Exactly! They must be drunks.

Always loitering around sand bars...


----------



## Smackdaddy53

Hit that fish whistle enough and everything looks like a permit!


----------



## makin moves

Smackdaddy53 said:


> Hit that fish whistle enough and everything looks like a permit!


That's the only time they seem to bite. To busy to set the hook.


----------



## Xcapnjoe

makin moves said:


> That's the only time they seem to bite. To busy to set the hook.

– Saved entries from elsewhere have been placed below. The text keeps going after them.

Lemma not_inf_pos L : 0 < L -> ~ is_inf contracts_to L.
Proof.
  intros HL Hinf; destruct (Rle_lt_dec L (2 * be)).
  { apply (not_inf_small L); [split; [lra | apply Rmin_glb_lt; lra] | exact Hinf]. }
  destruct Hinf as [Hlow Happrox].
  pose proof (Hlow _ contracts_to_whole).
  destruct (Happrox be Hbe) as [l [Hl HlL]]; pose proof (Hlow l Hl).
  pose proof (Hlow _ (contracts_to_shrink l ltac:(lra) Hl)); lra.
Qed.

Lemma contracts_to_small eps : 0 < eps -> contracts_to eps.
Proof.
  intros Heps; destruct (is_inf_exists contracts_to) as [L [Hlow Happrox]];
    [exists (1 - be); exact contracts_to_whole | exact contracts_to_nonneg |].
  destruct (Rle_lt_dec L 0) as [HL|HL];
    [|exfalso; exact (not_inf_pos L HL (conj Hlow Happrox))].
  destruct (Happrox eps Heps) as [l [[w [s Hw]] Hl]]; exists w, s.
  eapply lands_in_weaken; [|exact Hw]; intros z; apply in_carc_widen; lra.
Qed.

End Contraction.

Lemma in_arc_eqmod1 a L z y : eqmod1 z y -> a < y < a + L -> L <= 1 -> in_arc a L z.
Proof.
  intros Hzy Hy HL; unfold in_arc; rewrite (mod1_eq _ (y - a)); [lra | | lra].
  exact (eqmod1_addr _ _ (- a) Hzy).
Qed.

Theorem lemma4p1 :
  forall alpha : R, 0 < alpha < 1 -> irrational alpha ->
  exists beta0 : R, 0 < beta0 /\
    forall beta : R, 0 < beta < beta0 -> irrational beta ->
    forall a L : R, 0 <= a < 1 -> 0 < L <= 1 ->
    exists w : list nat,
      Forall (fun j => j = 1%nat \/ j = 2%nat) w /\
      forall y : R, 0 <= y < 1 -> in_arc a L (word_map alpha beta w y).
Proof.
  intros al Hal Hia; pose proof (irrational_dense_mod1 al Hia) as Hdense.
  assert (Hm : 0 < Rmin al (1 - al)) by (apply Rmin_glb_lt; lra).
  pose proof (Rmin_l al (1 - al)); pose proof (Rmin_r al (1 - al)).
  exists (Rmin al (1 - al) / 3); split; [lra|]; intros be Hbe Hib a L Ha HL.
  destruct (contracts_to_small al be Hal Hdense (proj1 Hbe) Hib ltac:(lra) ltac:(lra) (L / 2))
    as [w [s Hw]]; [lra|].
  destruct (Hdense (a - s) (a - s + L / 2)) as [n [N HnN]]; [lra|].
  exists (repeat 1%nat n ++ w).
  apply (lands_in_app al be _ _ _ _ (word12_repeat1 n) Hw); intros x Hx [k Hk].
  apply (in_arc_eqmod1 _ _ _ (x + IZR k + INR n * al + IZR N)); [| lra | lra].
  eapply eqmod1_trans; [apply word_map_repeat1|].
  exists (- k - N)%Z; rewrite minus_IZR, opp_IZR; ring.
Qed.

Did somebody say Fish Whistle?


----------



## Smackdaddy53

Xcapnjoe said:


> Did somebody say Fish Whistle?
> View attachment 170549


Simms sells one


----------



## Jason M

I sight fished this one a few years ago by Bean Point.


----------



## Kirc

1/4 oz Cottee Paddle Tail Grub (Park),....................


----------



## Xcapnjoe

Kirc said:


> 1/4 oz Cottee Paddle Tail Grub (Park),....................
> 
> View attachment 170561


I miss that bait! It was my goto for many years. I missed it so much I made the Joetee grub prototype. It's not perfect but it works!
Nice fish!


----------



## redchaser

Over the past few years they’ve caught a few in one of the bays here in Louisiana.


----------